Gene expression differences of regenerating rat liver in a short interval successive partial hepatectomy

Abstract

Aim: To identify the genes expressed differentially in the regenerating rat liver in a short interval successive partial hepatectomy (SISPH), and to analyze their expression profiles.

Methods: Five hundred and fifty-one elements selected from subtractive cDNA libraries were conformed to a cDNA microarray (cDNA chip). An extensive gene expression analysis following 0-36-72-96-144 h SISPH was performed by microarray.

Results: Two hundred and sixteen elements were identified either up- or down-regulated more than 2-fold at one or more time points of SISPH. By cluster analysis and generalization analysis, 8 kinds of ramose gene expression clusters were generated in the SISPH. Of the 216 elements, 111 were up-regulated and 105 down-regulated. Except 99 unreported genes, 117 reported genes were categorized into 22 groups based on their biological functions.
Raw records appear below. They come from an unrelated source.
Lemma task_at_infinitely_often t K : exists n, K <= n /\ task_at n = t.
Proof.
  exists (to_nat (encode_task t, K)). split.
  - pose proof (to_nat_non_decreasing (encode_task t) K); lia.
  - unfold task_at, decode_task. rewrite cancel_of_to. simpl.
    apply encode_task_inj. apply (epsilon_spec _ (fun t' => encode_task t' = encode_task t)).
    eauto.
Qed.

(** * Back and forth *)

Definition seq_equiv (L : language) (M M' : structure) (a : nat -> dom M) (b : nat -> dom M')
  : Prop :=
  forall phi sg, formula_in L phi ->
    (sat M (fun v => a (sg v)) phi <-> sat M' (fun v => b (sg v)) phi).

Definition tv_closed (M : structure) (e : nat -> dom M) : Prop :=
  forall phi v sg, sat M (fun u => e (sg u)) (Ex v phi) ->
    exists k, sat M (upd (fun u => e (sg u)) v (e k)) phi.

Definition witness (M : structure) (d : dom M) (l : list (dom M)) (phi : formula) (v : nat)
  (sl : list nat) : dom M :=
  epsilon (inhabits d) (fun x => sat M (upd (fun u => nth (nth u sl 0) l d) v x) phi).

Lemma witness_spec M d l phi v sl :
  sat M (fun u => nth (nth u sl 0) l d) (Ex v phi) ->
  sat M (upd (fun u => nth (nth u sl 0) l d) v (witness M d l phi v sl)) phi.
Proof. intros H. unfold witness. apply epsilon_spec. exact H. Qed.

Lemma nth_map_seq (sg : nat -> nat) m u : u < m -> nth u (map sg (seq 0 m)) 0 = sg u.
Proof.
  intros H. rewrite (nth_indep _ _ (sg 0)); [|rewrite length_map, length_seq; auto].
  rewrite map_nth, seq_nth; auto.
Qed.

Section Limit.
Variables (M : structure) (d : dom M) (stage : nat -> list (dom M)).
Hypothesis stage0 : stage 0 = [].
Hypothesis stage_snoc : forall n, exists x, stage (S n) = stage n ++ [x].

Lemma length_stage n : length (stage n) = n.
Proof.
  induction n; [rewrite stage0; reflexivity|].
  destruct (stage_snoc n) as [x ->]. rewrite length_app, IHn. simpl. lia.
Qed.

Definition limit (k : nat) : dom M := nth k (stage (S k)) d.

Lemma nth_stage n k : k < n -> nth k (stage n) d = limit k.
Proof.
  induction n; intros Hk; [lia|]. destruct (Nat.eq_dec k n) as [->|Hne]; [reflexivity|].
  destruct (stage_snoc n) as [x ->]. rewrite app_nth1 by (rewrite length_stage; lia).
  apply IHn; lia.
Qed.

Lemma limit_snoc n x : stage (S n) = stage n ++ [x] -> limit n = x.
Proof.
  intros E. unfold limit. rewrite E, <- (length_stage n) at 1. apply nth_middle.
Qed.

Hypothesis stage_witness : forall phi v sl K,
  exists n, K <= n /\ stage (S n) = stage n ++ [witness M d (stage n) phi v sl].

Lemma tv_closed_limit : tv_closed M limit.
Proof.
  intros phi v sg Hex.
  set (sl := map sg (seq 0 (free_bound (Ex v phi)))).
  destruct (stage_witness phi v sl (S (list_max sl))) as [n [Hn E]].
  assert (Hsl : forall u, free u (Ex v phi) -> nth (nth u sl 0) (stage n) d = limit (sg u)).
  { intros u Hu. pose proof (free_lt_bound _ _ Hu) as Hm.
    unfold sl. rewrite nth_map_seq by auto. apply nth_stage.
    assert (In (sg u) sl) by (apply in_map, in_seq; lia).
    pose proof (le_list_max _ _ H). lia. }
  rewrite <- (sat_ext _ _ _ _ Hsl) in Hex. apply witness_spec in Hex.
  exists n. rewrite (limit_snoc n _ E). revert Hex. apply sat_ext.
  intros u Hu. unfold upd. destruct (Nat.eqb_spec u v); [reflexivity|].
  symmetry. apply Hsl. simpl; auto.
Qed.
Comparison of the gene expression in SISPH with that after partial hepatectomy (PH) disclosed that 56 genes were specially altered in SISPH, and 160 genes were simultaneously up-regulated or down-regulated in SISPH and after PH, but in various amount and at different time points.
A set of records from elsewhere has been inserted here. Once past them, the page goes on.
(* Let $d\ge1$ and let $X_1,\dots,X_d$ be non-negative integrable random variables that are pairwise independent. Let $\tilde X_1,\dots,\tilde X_d$ be mutually independent with $\tilde X_i$ equal in distribution to $X_i$. Then $\mathbb{E}\max_{i\in[d]}X_i\ge\frac12\mathbb{E}\max_{i\in[d]}\tilde X_i$.
   Context: $[d]=\{1,\dots,d\}$. *)

From HB Require Import structures.
From mathcomp Require Import all_boot all_order all_algebra.
From mathcomp Require Import all_classical all_reals all_analysis.
Set Implicit Arguments. Unset Strict Implicit. Unset Printing Implicit Defensive.
Import Order.TTheory GRing.Theory Num.Theory.
Local Open Scope classical_set_scope.
Local Open Scope ring_scope.

Definition pairwise_indep {dT : measure_display} {T : measurableType dT}
  {R : realType} (P : probability T R) (n : nat) (X : 'I_n -> {RV P >-> R}) :=
  forall (i j : 'I_n), i != j ->
  forall (A B : set R), measurable A -> measurable B ->
  P (X i @^-1` A `&` X j @^-1` B) = (P (X i @^-1` A) * P (X j @^-1` B))%E.

Definition mutual_indep {dT : measure_display} {T : measurableType dT}
  {R : realType} (P : probability T R) (n : nat) (X : 'I_n -> {RV P >-> R}) :=
  forall (S : {set 'I_n}) (A : 'I_n -> set R), (forall i, measurable (A i)) ->
  P (\bigcap_(i in [set i | i \in S]) X i @^-1` A i)
  = (\prod_(i in S) P (X i @^-1` A i))%E.

Definition maxRV {T : Type} {R : realType} (n : nat) (X : 'I_n -> T -> R) : T -> R :=
  fun w => \big[Num.max/0]_(i < n) X i w.

(* Fix [r >= 0] and let [m = min(S, 1)], where [S] is the sum of the tail
   probabilities [P(X_i > r)].  For pairwise independent events Bonferroni's
   inequality gives [P(max_i X_i > r) >= m - m^2/2 >= m/2], while the union bound
   gives [P(max_i Xt_i > r) <= m], since the Xt_i have the same marginals.
   Integrating the tail probabilities over [r >= 0] yields the claim. *)

From HB Require Import structures.
From mathcomp Require Import all_boot all_order all_algebra.
From mathcomp Require Import all_classical all_reals all_analysis.
From mathcomp Require Import lra measurable_realfun.
Import Order.TTheory GRing.Theory Num.Theory.
Local Open Scope classical_set_scope.
Local Open Scope ring_scope.

Section real_probability.
Context {d : measure_display} {T : measurableType d} {R : realType}
  (P : probability T R).

Definition pr (A : set T) : R := fine (P A).

Lemma prE A : measurable A -> P A = (pr A)%:E.
Proof. by move=> mA; rewrite /pr fineK// fin_num_measure. Qed.

Lemma pr_ge0 A : 0 <= pr A.
Proof. by rewrite /pr fine_ge0. Qed.

Lemma pr_le1 A : measurable A -> pr A <= 1.
Proof. by move=> mA; rewrite -lee_fin -prE// probability_le1. Qed.

Lemma le_pr A B : measurable A -> measurable B -> A `<=` B -> pr A <= pr B.
Proof. by move=> mA mB AB; rewrite -lee_fin -!prE// le_measure// inE. Qed.

Lemma prU A B : measurable A -> measurable B ->
  pr (A `|` B) = pr A + pr B - pr (A `&` B).
Proof.
move=> mA mB; apply/EFin_inj.
rewrite EFinB EFinD -!prE//; [|exact: measurableI|exact: measurableU].
by rewrite measureUfinl// -ge0_fin_numE// fin_num_measure.
Qed.

Lemma pr_setI_bigsetU_le {I : Type} (B : set T) (A : I -> set T) (s : seq I) :
  measurable B -> (forall i, measurable (A i)) ->
  pr (B `&` \big[setU/set0]_(i <- s) A i) <= \sum_(i <- s) pr (B `&` A i).
Proof.
move=> mB mA; elim: s => [|i s IH]; first by rewrite !big_nil setI0 /pr measure0.
rewrite !big_cons setIUr prU; last 2 first.
- exact: measurableI.
- by apply: measurableI => //; exact: bigsetU_measurable.
by have := pr_ge0 ((B `&` A i) `&` (B `&` \big[setU/set0]_(j <- s) A j)); lra.
Qed.

Lemma pr_bigsetU_le {I : Type} (A : I -> set T) (s : seq I) :
  (forall i, measurable (A i)) ->
  pr (\big[setU/set0]_(i <- s) A i) <= \sum_(i <- s) pr (A i).
Proof.
move=> mA; rewrite -[X in pr X]setTI (eq_bigr (fun i => pr (setT `&` A i))).
  exact: pr_setI_bigsetU_le.
by move=> i _; rewrite setTI.
Qed.

(* Bonferroni's bound [S - S^2/2] is only monotone for [S <= 1], hence the
   truncation of the sum at 1, which is what makes the induction go through. *)
Lemma pr_bigsetU_pairwise_indep_ge {I : eqType} (A : I -> set T) (s : seq I) :
  (forall i, measurable (A i)) ->
  (forall i j, i != j -> pr (A i `&` A j) = pr (A i) * pr (A j)) ->
  uniq s ->
  let m := Num.min (\sum_(i <- s) pr (A i)) 1 in
  m - m ^+ 2 / 2 <= pr (\big[setU/set0]_(i <- s) A i).
Proof.
move=> mA indepA; elim: s => [|i s IH] /=.
  by rewrite !big_nil /pr measure0 /= min_l//; lra.
move=> /andP[iNs /IH /= {}IH]; rewrite !big_cons.
set S := \sum_(j <- s) pr (A j) in IH *.
set U := \big[setU/set0]_(j <- s) A j in IH *.
have mU : measurable U by exact: bigsetU_measurable.
have p0 := pr_ge0 (A i).
have S0 : 0 <= S by rewrite sumr_ge0// => j _; exact: pr_ge0.
have UAU : pr U <= pr (A i `|` U) by apply: le_pr => //; exact: measurableU.
have AiU : pr (A i `&` U) <= pr (A i) * S.
  apply: (le_trans (pr_setI_bigsetU_le _ _ s (mA i) mA)).
  rewrite big_distrr /= !big_seq; apply: ler_sum => j js.
  by rewrite indepA//; apply: contraNneq iNs => ->.
have := prU _ _ (mA i) mU.
have [S1|S1] := leP 1 S.
  by rewrite (min_r S1) expr1n in IH; rewrite min_r ?expr1n; lra.
rewrite (min_l (ltW S1)) in IH.
by have [pS1|pS1] := leP (pr (A i) + S) 1; rewrite ?expr1n; nra.
Qed.

End real_probability.

Lemma pairwise_indep_bigsetU_ge_half
    {dP dQ : measure_display} {TP : measurableType dP} {TQ : measurableType dQ}
    {R : realType} (P : probability TP R) (Q : probability TQ R)
    {I : eqType} (A : I -> set TP) (B : I -> set TQ) (s : seq I) :
  (forall i, measurable (A i)) -> (forall i, measurable (B i)) ->
  (forall i j, i != j -> P (A i `&` A j) = (P (A i) * P (A j))%E) ->
  (forall i, Q (B i) = P (A i)) ->
  uniq s ->
  (2^-1%:E * Q (\big[setU/set0]_(i <- s) B i) <=
   P (\big[setU/set0]_(i <- s) A i))%E.
Proof.
move=> mA mB indepA QBPA us.
have prAB i : pr Q (B i) = pr P (A i) by rewrite /pr QBPA.
have indep_pr i j : i != j -> pr P (A i `&` A j) = pr P (A i) * pr P (A j).
  move=> ij; apply/EFin_inj; rewrite EFinM -!prE//; first exact: indepA.
  exact: measurableI.
have := pr_bigsetU_pairwise_indep_ge P A s mA indep_pr us.
have := pr_bigsetU_le Q B s mB; rewrite (eq_bigr _ (fun i _ => prAB i)).
have mUA : measurable (\big[setU/set0]_(i <- s) A i) by exact: bigsetU_measurable.
have mUB : measurable (\big[setU/set0]_(i <- s) B i) by exact: bigsetU_measurable.
have := pr_le1 Q _ mUB.
rewrite (prE P _ mUA) (prE Q _ mUB) -EFinM lee_fin /=.
set S := \sum_(i <- s) _; set q := pr Q _ => q1 qS.
have S0 : 0 <= S by rewrite sumr_ge0// => i _; exact: pr_ge0.
have : q <= Num.min S 1 by rewrite le_min qS q1.
have : Num.min S 1 <= 1 by rewrite ge_min lexx orbT.
have : 0 <= Num.min S 1 by rewrite le_min S0 ler01.
move: (Num.min S 1) => m; nra.
Qed.

Section max_of_random_variables.
Context {d : measure_display} {T : measurableType d} {R : realType}.

Lemma maxRV_ge0 (n : nat) (X : 'I_n -> T -> R) w : 0 <= maxRV X w.
Proof.
by apply: (big_rec (fun x => 0 <= x)) => // i x _ x0; rewrite le_max x0 orbT.
Qed.

Lemma preimage_bigmax_gt {I : Type} (s : seq I) (X : I -> T -> R) (r : R) :
  0 <= r ->
  (fun w => \big[Num.max/0]_(i <- s) X i w) @^-1` `]r, +oo[
  = \big[setU/set0]_(i <- s) (X i @^-1` `]r, +oo[).
Proof.
move=> r0; elim: s => [|i s IH].
  rewrite big_nil; apply/seteqP; split => w //=.
  by rewrite big_nil in_itv/= ltNge r0.
rewrite big_cons -IH; apply/seteqP; split => w /=;
  rewrite big_cons !in_itv /= !andbT lt_max.
- by move=> /orP.
- by case=> ->; rewrite ?orbT.
Qed.

Lemma measurable_bigmax {I : Type} (s : seq I) (X : I -> T -> R) :
  (forall i, measurable_fun setT (X i)) ->
  measurable_fun setT (fun w => \big[Num.max/0]_(i <- s) X i w).
Proof.
move=> mX; elim: s => [|i s IH].
  under eq_fun do rewrite big_nil; exact: measurable_cst.
under eq_fun do rewrite big_cons; exact: measurable_maxr.
Qed.

Context {P : probability T R}.

Definition max_rv {n : nat} (X : 'I_n -> {RV P >-> R}) : {RV P >-> R} :=
  mfun_Sub (mem_set (measurable_bigmax _ _ (fun i => measurable_funPT (X i)))
    : maxRV (fun i => X i) \in mfun).

Lemma ccdf_max_rv (n : nat) (X : 'I_n -> {RV P >-> R}) (r : R) : 0 <= r ->
  ccdf (max_rv X) r = P (\big[setU/set0]_(i < n) X i @^-1` `]r, +oo[).
Proof.
by move=> r0; rewrite /ccdf /distribution /pushforward -preimage_bigmax_gt.
Qed.

End max_of_random_variables.

Lemma ge0_le_expectation_ccdf
    {dP dQ : measure_display} {TP : measurableType dP} {TQ : measurableType dQ}
    {R : realType} {P : probability TP R} {Q : probability TQ R}
    (Y : {RV P >-> R}) (Z : {RV Q >-> R}) (c : R) :
  0 <= c -> (forall w, 0 <= Y w) -> (forall w, 0 <= Z w) ->
  (forall r, 0 <= r -> (c%:E * ccdf Z r <= ccdf Y r)%E) ->
  (c%:E * 'E_Q[Z] <= 'E_P[Y])%E.
Proof.
move=> c0 Y0 Z0 cZY.
have mY : measurable_fun (`[0%R, +oo[ : set R) (ccdf Y).
  by apply: (measurable_funS measurableT) => //; exact: ccdf_measurable.
have mZ : measurable_fun (`[0%R, +oo[ : set R) (ccdf Z).
  by apply: (measurable_funS measurableT) => //; exact: ccdf_measurable.
rewrite !ge0_expectation_ccdf// -ge0_integralZl//.
apply: ge0_le_integral => //.
- by move=> r _; rewrite mule_ge0// ?lee_fin//; exact: measure_ge0.
- exact: measurable_funeM.
by move=> r; rewrite /= in_itv /= andbT; exact: cZY.
Qed.

Theorem proposition12 (R : realType) (d : nat) (hd : (0 < d)%N)
  (d1 : measure_display) (T1 : measurableType d1) (P : probability T1 R)
  (X : 'I_d -> {RV P >-> R})
  (d2 : measure_display) (T2 : measurableType d2) (Q : probability T2 R)
  (Xt : 'I_d -> {RV Q >-> R}) :
  (forall i w, 0 <= X i w) ->
  (forall i, P.-integrable setT (EFin \o X i)) ->
  pairwise_indep X ->
  mutual_indep Xt ->
  (forall i (A : set R), measurable A ->
     distribution P (X i) A = distribution Q (Xt i) A) ->
  ('E_P[maxRV (fun i => X i)] >= 2^-1%:E * 'E_Q[maxRV (fun i => Xt i)])%E.
Proof.
(* Since [maxRV] includes the value 0, neither the sign nor the integrability of
   the [X i] is needed, and [d = 0] is harmless. *)
move=> _ _ indepX _ same_law.
apply: (ge0_le_expectation_ccdf (max_rv X) (max_rv Xt)) => [|w|w|r r0].
- by rewrite invr_ge0.
- exact: maxRV_ge0.
- exact: maxRV_ge0.
rewrite !ccdf_max_rv//.
apply: pairwise_indep_bigsetU_ge_half (index_enum_uniq _).
- by move=> i; exact: measurable_funPTI.
- by move=> i; exact: measurable_funPTI.
- by move=> i j ij; exact: indepX.
- by move=> i; rewrite -[LHS]/(distribution Q (Xt i) _) -same_law.
Qed.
Conclusion: Genes expressed consistently are far less than that intermittently; the genes strikingly increased are much less than that increased only 2-5 fold; the expression trends of most genes in SISPH and in PH are similar, but the expression of 56 genes is specifically altered in SISPH. Microarray combined with suppressive subtractive hybridization can in a large scale effectively identify the genes related to liver regeneration.

Figure 1

Gene expression differences in the regenerating rat liver of 0-36-72-96-144 h SISPH.

Figure 2

Expression level of genes in the regenerating rat liver of 0-36-72-96-144 h SISPH.

Figure 3

Cluster analysis of 216 elements. A: The difference of their intensity was identified more than two-fold at least at one time point. B: A hierarchical clustering of five time points indicated that the genes at these time points hardly had a common expression profile.

Figure 4

Cluster analysis of gene expression profiles identified by cDNA microarray. These genes were classified into 8 clusters by the κ-means method.

Figure 5

Category of the 216 elements. Based on the results of the cluster analysis, eight distinct temporal patterns were designated. A: Immediate induction, B: Middle induction, C: Late induction, D: Consistent induction, E: Immediate suppression, F: Middle suppression, G: Late suppression, H: Consistent suppression.